I turn the floor over to Lefebvre, who asks us to distinguish between the present and presence. (Please note that his idea of the imaginary appears to be more in keeping with an idea of representation than mine is.)
Its name tells as much, but the meanings of words fade over time. The present offers itself in all innocence and cruelty: open, evident, here and there. It can wear a smile, or be tinged with melancholy, provoke tears. But this evidence is misleading, fabricated. It is an adulterated product that simulates presence as a forgery imitates a fact of nature, fruit, a flower, etc. A kind of (dissimulating) simulator of the present: the image!
If you take it for what it is (a paint-daubed or coloured scrap of paper), it falls short of its goal. If you take it for what it seeks to evoke, it accomplishes it. You have to 'have confidence' in the photo, painting, drawing. It has become a sort of social, also known as aesthetic (not moral), obligation that gives rise to abuse. But if you have the ability to take the flows and the streams (T.V., the press, etc.) as rhythms among others, you avoid the trap of the present that gives itself as presence and seeks the effects of presences. The latter are the facts of both nature and culture, at the same time sensible, affective and moral rather than imaginary.
Through a kind of magic, images change what they reach (and claim to reproduce) into things, and presence into simulacra, the present, the this. Do speech and exorcism exist? Yes. Nothing is more simple: a child could do it. Necessarily, a gesture suffices: to take images for what they are, simulacra, copies conforming to a standard, parodies of presence.
The rhythmanalyst will give an account of this relation between the present and presence: between their rhythms. A dialectical relation: neither incompatibility, nor identityneither exclusion nor inclusion. One calls the other, substitutes itself for this other. The present sometimes imitates (simulates) to the point of mistaking itself for presence: a portrait, a copy, a double, a facsimile, etc., but (a) presence survives and imposes itself by introducing a rhythm (a time).
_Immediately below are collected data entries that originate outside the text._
(* Let $\alpha>0$, $y_0\in\mathrm{dom}\, h$, $\{x_i\}_{i=0}^{k-1}\subseteq\mathrm{dom}\, h$ and $\zeta\in[0,1]^k$, and let $\Gamma_k$ be the ACP model induced by $(y_0,\{x_i\}_{i=0}^{k-1},\zeta)$. Then: (a) $\Gamma_k(x)\leq\phi^\alpha(x)$ for all $x\in\mathrm{dom}\, h$; (b) $\Gamma_k$ is $\alpha$-strongly convex. Furthermore, define $s_0=\nabla f(y_0)$ and $s_{j+1}=(1-\zeta_j)s_j+\zeta_j\nabla f(x_j)$ for $0\leq j\leq k-1$. Then (c) for all $u\in\mathrm{dom}\, h$, $\phi^\alpha(u)+\psi^\alpha(s_k)\leq \phi^\alpha(u)-\min_{x\in\mathbb{R}^n}\Gamma_k(x)$.
   Context: Let $\|\cdot\|$ be a norm on $\mathbb{R}^n$ with dual norm $\|\cdot\|_*$. Let $f:\mathbb{R}^n\to\mathbb{R}$ be convex, differentiable and $L$-smooth ($L>0$) with respect to $\|\cdot\|$, $h:\mathbb{R}^n\to(-\infty,\infty]$ closed proper convex with bounded domain, and $w:\mathbb{R}^n\to[0,+\infty]$ closed, $1$-strongly convex with respect to $\|\cdot\|$ on $\mathrm{dom}\, h$, with $\max_{\mathrm{dom}\, h}w<\infty$. For $\alpha>0$ let $h^\alpha=h+\alpha w$, $\phi^\alpha=f+h^\alpha$, $\psi^\alpha(z)=(h^\alpha)^*(-z)+f^*(z)$ ($^*$ = convex conjugate). Write $\ell_f(x;x_0)=f(x_0)+\langle\nabla f(x_0),x-x_0\rangle$. The ACP (aggregated cutting plane) model induced by $(y_0,\{x_i\}_{i=0}^{k-1},\zeta)$ is $\Gamma_k$ defined recursively by $\Gamma_0(x)=h^\alpha(x)+\ell_f(x;y_0)$ and $\Gamma_{j+1}(x)=(1-\zeta_j)\Gamma_j(x)+\zeta_j(h^\alpha(x)+\ell_f(x;x_j))$ for $0\le j\le k-1$. *)

From HB Require Import structures.
From mathcomp Require Import all_boot all_order all_algebra.
From mathcomp Require Import all_classical all_reals all_analysis.
Set Implicit Arguments. Unset Strict Implicit. Unset Printing Implicit Defensive.
Import Order.TTheory GRing.Theory Num.Theory.
Import numFieldNormedType.Exports.
Local Open Scope classical_set_scope.
Local Open Scope ring_scope.

Section Defs.
Variables (R : realType) (n : nat).
Notation V := 'rV[R]_n.

Definition dotp (x y : V) : R := \sum_(i < n) x 0 i * y 0 i.

Definition is_norm (N : V -> R) : Prop :=
  [/\ forall x, N x = 0 -> x = 0,
      forall (a : R) x, N (a *: x) = `|a| * N x &
      forall x y, N (x + y) <= N x + N y].

Definition dual_norm (N : V -> R) (s : V) : R :=
  sup [set dotp s x | x in [set x | N x <= 1]].

Definition grad (f : V -> R) (x : V) : V :=
  \row_(i < n) ('d f x) (delta_mx 0 i).

Definition convex_fun (f : V -> R) : Prop :=
  forall x y (t : R), 0 <= t <= 1 ->
    f (t *: x + (1 - t) *: y) <= t * f x + (1 - t) * f y.

Definition smooth_wrt (N : V -> R) (L : R) (f : V -> R) : Prop :=
  forall x y, dual_norm N (grad f x - grad f y) <= L * N (x - y).

Definition dom (g : V -> \bar R) : set V := [set x | (g x < +oo)%E].

Definition proper_fun (g : V -> \bar R) : Prop :=
  (forall x, g x != -oo%E) /\ dom g !=set0.

Definition closed_fun (g : V -> \bar R) : Prop :=
  closed [set p : V * R | (g p.1 <= p.2%:E)%E].

Definition strongly_convex_on (D : set V) (N : V -> R) (mu : R)
    (g : V -> \bar R) : Prop :=
  forall x y (t : R), D x -> D y -> 0 < t < 1 ->
    (g (t *: x + (1 - t) *: y)%R <=
       t%:E * g x + (1 - t)%:E * g y
       - (mu / 2 * t * (1 - t) * N (x - y) ^+ 2)%:E)%E.

Definition convex_efun (g : V -> \bar R) : Prop :=
  forall x y (t : R), 0 < t < 1 ->
    (g (t *: x + (1 - t) *: y)%R <= t%:E * g x + (1 - t)%:E * g y)%E.

Definition bounded_set_wrt (N : V -> R) (D : set V) : Prop :=
  exists M : R, forall x, D x -> N x <= M.

Definition conj (g : V -> \bar R) (z : V) : \bar R :=
  ereal_sup [set ((dotp z x)%:E - g x)%E | x in [set: V]].

Definition h_alpha (h w : V -> \bar R) (alpha : R) (x : V) : \bar R :=
  (h x + alpha%:E * w x)%E.

Definition phi_alpha (f : V -> R) (h w : V -> \bar R) (alpha : R) (x : V)
  : \bar R := ((f x)%:E + h_alpha h w alpha x)%E.

Definition psi_alpha (f : V -> R) (h w : V -> \bar R) (alpha : R) (z : V)
  : \bar R :=
  (conj (h_alpha h w alpha) (- z) + conj (fun x => (f x)%:E) z)%E.

Definition lin (f : V -> R) (x x0 : V) : R :=
  f x0 + dotp (grad f x0) (x - x0).

Fixpoint ACP (f : V -> R) (h w : V -> \bar R) (alpha : R) (y0 : V)
    (xs : nat -> V) (zeta : nat -> R) (j : nat) : V -> \bar R :=
  match j with
  | 0 => fun x => (h_alpha h w alpha x + (lin f x y0)%:E)%E
  | j'.+1 => fun x =>
      ((1 - zeta j')%:E * ACP f h w alpha y0 xs zeta j' x
       + (zeta j')%:E * (h_alpha h w alpha x + (lin f x (xs j'))%:E))%E
  end.

Fixpoint agg_grad (f : V -> R) (y0 : V) (xs : nat -> V) (zeta : nat -> R)
    (j : nat) : V :=
  match j with
  | 0 => grad f y0
  | j'.+1 => (1 - zeta j') *: agg_grad f y0 xs zeta j'
             + zeta j' *: grad f (xs j')
  end.

End Defs.

(* By induction on k, Gamma_k = h^alpha + l_k, where the aggregated
   linearization l_k is a convex combination of linearizations of f, hence an
   affine minorant x |-> <s_k, x> + l_k(0) of f (gradient inequality).  This
   gives (a); (b) holds because h^alpha = h + alpha w is alpha-strongly convex
   and adding an affine function preserves strong convexity.  For (c), l_k <= f
   gives f^*(s_k) <= -l_k(0), and (h^alpha)^*(-s_k) <= l_k(0) - inf Gamma_k
   since Gamma_k(x) = h^alpha(x) + <s_k, x> + l_k(0); summing, the l_k(0) terms
   cancel and psi^alpha(s_k) <= - min Gamma_k. *)

From HB Require Import structures.
From mathcomp Require Import all_boot all_order all_algebra.
From mathcomp Require Import all_classical all_reals all_analysis.
From mathcomp Require Import lra ring.
Set Implicit Arguments. Unset Strict Implicit. Unset Printing Implicit Defensive.
Import Order.TTheory GRing.Theory Num.Theory.
Import numFieldNormedType.Exports.
Local Open Scope classical_set_scope.
Local Open Scope ring_scope.

Section Dotp.
Variables (R : realType) (n : nat).
Implicit Types (x y z : 'rV[R]_n) (a : R).

Lemma dotpDl x y z : dotp (x + y) z = dotp x z + dotp y z.
Proof.
by rewrite /dotp -big_split; apply: eq_bigr => i _; rewrite mxE mulrDl.
Qed.

Lemma dotpZl a x z : dotp (a *: x) z = a * dotp x z.
Proof. by rewrite /dotp mulr_sumr; apply: eq_bigr => i _; rewrite mxE mulrA. Qed.

Lemma dotpC x y : dotp x y = dotp y x.
Proof. by apply: eq_bigr => i _; rewrite mulrC. Qed.

Lemma dotpDr x y z : dotp z (x + y) = dotp z x + dotp z y.
Proof. by rewrite !(dotpC z) dotpDl. Qed.

Lemma dotpZr a x z : dotp z (a *: x) = a * dotp z x.
Proof. by rewrite !(dotpC z) dotpZl. Qed.

Lemma dotpNl x z : dotp (- x) z = - dotp x z.
Proof. by rewrite -scaleN1r dotpZl mulN1r. Qed.

Lemma dotpNr x z : dotp z (- x) = - dotp z x.
Proof. by rewrite !(dotpC z) dotpNl. Qed.

Lemma dotp_grad (f : 'rV[R]_n -> R) x v : dotp (grad f x) v = 'd f x v.
Proof.
rewrite /dotp /grad [in RHS](row_sum_delta v) linear_sum.
by apply: eq_bigr => i _; rewrite mxE linearZ mulrC.
Qed.

Lemma lin_affine (f : 'rV[R]_n -> R) x y :
  lin f x y = dotp (grad f y) x + lin f 0 y.
Proof. by rewrite /lin sub0r dotpDr dotpNr addrCA addrA. Qed.

End Dotp.

Section ConvexGradient.
Variables (R : realType) (n : nat) (f : 'rV[R]_n -> R).
Hypothesis f_convex : convex_fun f.

Lemma convex_derive_le a v : derivable f a v -> 'D_v f a <= f (a + v) - f a.
Proof.
(* For 0 < t <= 1, convexity bounds the difference quotient at t by the one
   at t = 1. *)
move=> /cvg_dnbhs_at_right Dcvg; apply: (cvgr_to_le Dcvg); near=> t.
have t0 : 0 < t by near: t; exact: nbhs_right_gt.
have t1 : t <= 1 by near: t; apply: nbhs_right_le; exact: ltr01.
have := @f_convex (a + v) a t; rewrite (ltW t0) t1 => /(_ isT).
have -> : t *: (a + v) + (1 - t) *: a = t *: v + a.
  by rewrite scalerDr scalerBl scale1r addrC addrA subrK addrC.
rewrite -[t^-1 *: _]/(t^-1 * _) ler_pdivrMl //= => ?; lra.
Unshelve. all: by end_near. Qed.

Lemma convex_lin_le x y : differentiable f y -> lin f x y <= f x.
Proof.
move=> df; rewrite /lin dotp_grad -deriveE //.
have := @convex_derive_le y (x - y) (diff_derivable df); rewrite subrKC; lra.
Qed.

End ConvexGradient.

Section AggregatedLinearization.
Variables (R : realType) (n : nat) (f : 'rV[R]_n -> R).
Variables (y0 : 'rV[R]_n) (xs : nat -> 'rV[R]_n) (zeta : nat -> R).

Fixpoint agg_lin (j : nat) (x : 'rV[R]_n) : R :=
  match j with
  | 0 => lin f x y0
  | j'.+1 => (1 - zeta j') * agg_lin j' x + zeta j' * lin f x (xs j')
  end.

Lemma agg_lin_affine j x :
  agg_lin j x = dotp (agg_grad f y0 xs zeta j) x + agg_lin j 0.
Proof.
elim: j => [|j IH] /=; first exact: lin_affine.
by rewrite IH (lin_affine f x (xs j)) dotpDl !dotpZl; ring.
Qed.

Lemma agg_lin_le j x :
  (forall z, differentiable f z) -> convex_fun f ->
  (forall i, (i < j)%N -> 0 <= zeta i <= 1) -> agg_lin j x <= f x.
Proof.
move=> fd fc; elim: j => [|j IH] zeta01 /=; first exact: convex_lin_le.
have /andP[z0 z1] := zeta01 j (ltnSn j).
have := IH (fun i ij => zeta01 i (leqW ij)).
have := convex_lin_le fc x (fd (xs j)); nra.
Qed.

End AggregatedLinearization.

Local Open Scope ereal_scope.

Lemma ge0_mule_neqNy (R : realType) (a : R) (e : \bar R) :
  (0 <= a)%R -> e != -oo -> a%:E * e != -oo.
Proof.
move=> a0; case: e => [r| |] // _; have [->|an0] := eqVneq a 0%R.
  by rewrite mul0e.
by rewrite gt0_muley // lte_fin lt0r an0.
Qed.

(* For H = +oo and z in {0, 1} this relies on the convention 0 * +oo = 0. *)
Lemma convex_comb_addeE (R : realType) (H : \bar R) (a b z : R) :
  H != -oo -> (0 <= z <= 1)%R ->
  (1 - z)%:E * (H + a%:E) + z%:E * (H + b%:E) = H + ((1 - z) * a + z * b)%:E.
Proof.
case: H => [r| |] // _ /andP[z0 z1].
  by rewrite -!EFinD; congr (_%:E); ring.
rewrite !addye //; have [->|zn0] := eqVneq z 0%R.
  by rewrite subr0 mul0e adde0 mul1e.
rewrite (@gt0_muley _ z%:E) ?lte_fin ?lt0r ?zn0 // addey //.
by rewrite ge0_mule_neqNy // subr_ge0.
Qed.

Lemma ACP_agg_lin (R : realType) (n : nat) (f : 'rV[R]_n -> R)
    (h w : 'rV[R]_n -> \bar R) (alpha : R) (y0 : 'rV[R]_n) (xs : nat -> 'rV[R]_n)
    (zeta : nat -> R) j x :
  h_alpha h w alpha x != -oo -> (forall i, (i < j)%N -> (0 <= zeta i <= 1)%R) ->
  ACP f h w alpha y0 xs zeta j x
  = h_alpha h w alpha x + (agg_lin f y0 xs zeta j x)%:E.
Proof.
move=> hNy; elim: j => [|j IH] zeta01 //=.
rewrite IH => [|i ij]; last exact/zeta01/leqW.
exact: convex_comb_addeE (zeta01 j (ltnSn j)).
Qed.

Section StrongConvexity.
Variables (R : realType) (n : nat) (N : 'rV[R]_n -> R).
Implicit Types (D : set 'rV[R]_n) (g : 'rV[R]_n -> \bar R) (mu : R).

Lemma strongly_convex_onT D mu g :
  (forall x, g x != -oo) -> (forall x, ~ D x -> g x = +oo) ->
  strongly_convex_on D N mu g -> strongly_convex_on [set: 'rV[R]_n] N mu g.
Proof.
move=> gNy gout gsc x y t _ _ t01; have /andP[t0 t1] := t01.
have [Dx|/gout gx] := pselect (D x); last first.
  rewrite gx gt0_muley ?lte_fin // !addye ?leey //.
  by rewrite ge0_mule_neqNy // subr_ge0 ltW.
have [Dy|/gout gy] := pselect (D y); last first.
  rewrite gy gt0_muley ?lte_fin ?subr_gt0 // addey ?addye ?leey //.
  by rewrite ge0_mule_neqNy // ltW.
exact: gsc.
Qed.

Lemma strongly_convexD_affine D mu g (s : 'rV[R]_n) (c : R) :
  strongly_convex_on D N mu g ->
  strongly_convex_on D N mu (fun x => g x + (dotp s x + c)%:E).
Proof.
move=> gsc x y t Dx Dy t01; rewrite !muleDr ?fin_num_adde_defl // -!EFinM.
rewrite (addeACA (t%:E * g x)) (addeAC (t%:E * g x + _)) dotpDr !dotpZr.
apply: leeD; first exact: gsc.
by rewrite -EFinD lee_fin; lra.
Qed.

End StrongConvexity.

Section Conjugate.
Variables (R : realType) (n : nat).
Implicit Types (g : 'rV[R]_n -> \bar R) (s : 'rV[R]_n) (c : R).

Lemma conj_le_affine_minorant g s c :
  (forall x, (dotp s x + c)%:E <= g x) -> conj g s <= (- c)%:E.
Proof.
move=> minor; apply: ge_ereal_sup => _ [x _ <-]; move: (minor x).
by case: (g x) => [r| |] //=; rewrite ?leNye // !lee_fin => ?; lra.
Qed.

Lemma conjN_le_inf g s c :
  conj g (- s) <= c%:E - ereal_inf (range (fun x => g x + (dotp s x + c)%:E)).
Proof.
apply: ge_ereal_sup => _ [x _ <-].
have : ereal_inf (range (fun x => g x + (dotp s x + c)%:E))
       <= g x + (dotp s x + c)%:E by apply: ereal_inf_lbound; exists x.
case: (g x) => [r| |] /= inf_le; last 2 first.
- by rewrite leNye.
- by move: inf_le; rewrite leeNy_eq => /eqP ->; rewrite leey.
apply: (@le_trans _ _ (c%:E - (r%:E + (dotp s x + c)%:E))).
  by rewrite -EFinD -EFinN -EFinD lee_fin dotpNl; lra.
by apply: leeD2l; rewrite leeN2.
Qed.

End Conjugate.

Section RegularizedComposite.
Variables (R : realType) (n : nat) (N : 'rV[R]_n -> R).
Variables (h w : 'rV[R]_n -> \bar R) (alpha : R).
Hypotheses (h_neqNy : forall x, h x != -oo) (w_ge0 : forall x, 0 <= w x).
Hypothesis alpha_ge0 : (0 <= alpha)%R.

Lemma dom_fin_num x : dom h x -> h x \is a fin_num.
Proof. by rewrite fin_numE h_neqNy -ltey. Qed.

Lemma alpha_w_neqNy x : alpha%:E * w x != -oo.
Proof.
by apply: ge0_mule_neqNy => //; rewrite gt_eqF // (lt_le_trans (ltNyr 0)).
Qed.

Lemma h_alpha_neqNy x : h_alpha h w alpha x != -oo.
Proof.
move: (h_neqNy x) (alpha_w_neqNy x); rewrite /h_alpha.
by case: (h x); case: (_ * _).
Qed.

Lemma h_alpha_out_dom x : ~ dom h x -> h_alpha h w alpha x = +oo.
Proof.
rewrite /dom /= ltey => /negP; rewrite negbK => /eqP hx.
by rewrite /h_alpha hx addye ?alpha_w_neqNy.
Qed.

Lemma h_alpha_strongly_convex_dom :
  convex_efun h -> (forall x, dom h x -> w x \is a fin_num) ->
  strongly_convex_on (dom h) N 1 w ->
  strongly_convex_on (dom h) N alpha (h_alpha h w alpha).
Proof.
move=> hc wfin wsc x y t hx hy t01.
have hz : dom h (t *: x + (1 - t) *: y)%R.
  apply: le_lt_trans (hc x y t t01) _.
  rewrite -(fineK (dom_fin_num hx)) -(fineK (dom_fin_num hy)).
  by rewrite -!EFinM -EFinD ltry.
move: (hc x y t t01) (wsc x y t hx hy t01); rewrite /h_alpha.
rewrite -(fineK (dom_fin_num hx)) -(fineK (dom_fin_num hy)).
rewrite -(fineK (dom_fin_num hz)).
rewrite -(fineK (wfin _ hx)) -(fineK (wfin _ hy)) -(fineK (wfin _ hz)).
rewrite -!EFinM -!EFinD !lee_fin => hle wle.
have := ler_wpM2l alpha_ge0 wle; lra.
Qed.

End RegularizedComposite.

Local Close Scope ereal_scope.

Theorem lemma2p3 (R : realType) (n : nat) (N : 'rV[R]_n -> R)
  (f : 'rV[R]_n -> R) (h w : 'rV[R]_n -> \bar R) (L alpha : R)
  (y0 : 'rV[R]_n) (xs : nat -> 'rV[R]_n) (zeta : nat -> R) (k : nat) :
  is_norm N ->
  (forall x, differentiable f x) -> convex_fun f -> 0 < L -> smooth_wrt N L f ->
  proper_fun h -> convex_efun h -> closed_fun h -> bounded_set_wrt N (dom h) ->
  (forall x, (0 <= w x)%E) -> closed_fun w ->
  strongly_convex_on (dom h) N 1 w ->
  (exists M : R, forall x, dom h x -> (w x <= M%:E)%E) ->
  0 < alpha ->
  dom h y0 ->
  (forall i, (i < k)%N -> dom h (xs i)) ->
  (forall i, (i < k)%N -> 0 <= zeta i <= 1) ->
  [/\ (forall x, dom h x ->
         (ACP f h w alpha y0 xs zeta k x <= phi_alpha f h w alpha x)%E),
      strongly_convex_on [set: 'rV[R]_n] N alpha (ACP f h w alpha y0 xs zeta k) &
      (forall u, dom h u ->
         (phi_alpha f h w alpha u + psi_alpha f h w alpha (agg_grad f y0 xs zeta k)
          <= phi_alpha f h w alpha u
             - ereal_inf (range (ACP f h w alpha y0 xs zeta k)))%E)].
Proof.
move=> _ fd fc _ _ [hNy _] hc _ _ w0 _ wsc [M wM] alpha_gt0 _ _ zeta01.
have alpha_ge0 := ltW alpha_gt0.
have haNy := h_alpha_neqNy hNy w0 alpha_ge0.
have wfin x : dom h x -> w x \is a fin_num.
  by move=> /wM wx; rewrite ge0_fin_numE // (le_lt_trans wx) ?ltry.
set s := agg_grad f y0 xs zeta k; set c := agg_lin f y0 xs zeta k 0.
have ACPE : ACP f h w alpha y0 xs zeta k =
    (fun x => h_alpha h w alpha x + (dotp s x + c)%:E)%E.
  by apply/funext => x; rewrite ACP_agg_lin // agg_lin_affine.
split.
- move=> x _; rewrite ACP_agg_lin // /phi_alpha [(f x)%:E + _]addeC.
  by apply: leeD2l; rewrite lee_fin agg_lin_le.
- rewrite ACPE; apply/strongly_convexD_affine/(strongly_convex_onT haNy).
    exact: h_alpha_out_dom.
  exact: h_alpha_strongly_convex_dom.
- move=> u _; apply: leeD2l; rewrite /psi_alpha ACPE.
  have conj_f_le : (conj (fun x => (f x)%:E) s <= (- c)%:E)%E.
    apply: conj_le_affine_minorant => x.
    by rewrite lee_fin -agg_lin_affine agg_lin_le.
  apply: le_trans (leeD (conjN_le_inf _ s c) conj_f_le) _.
  by rewrite addeAC -EFinD subrr add0e.
Qed.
The act of rhythmanalysis [le geste rhythmanalytique] transforms everything into presences, including the present, grasped and perceived as such. The act [geste] does not imprison itself in the ideology of the thing. It perceives the thing in the proximity of the present, an instance of the present, just as the image is another instance. Thus the thing makes itself present but not presence. On the contrary, the act of rhythmanalysis integrates these thingsthis wall, this table, these treesin a dramatic becoming, in an ensemble full of meaning, transforming them no longer into diverse things, but into presences.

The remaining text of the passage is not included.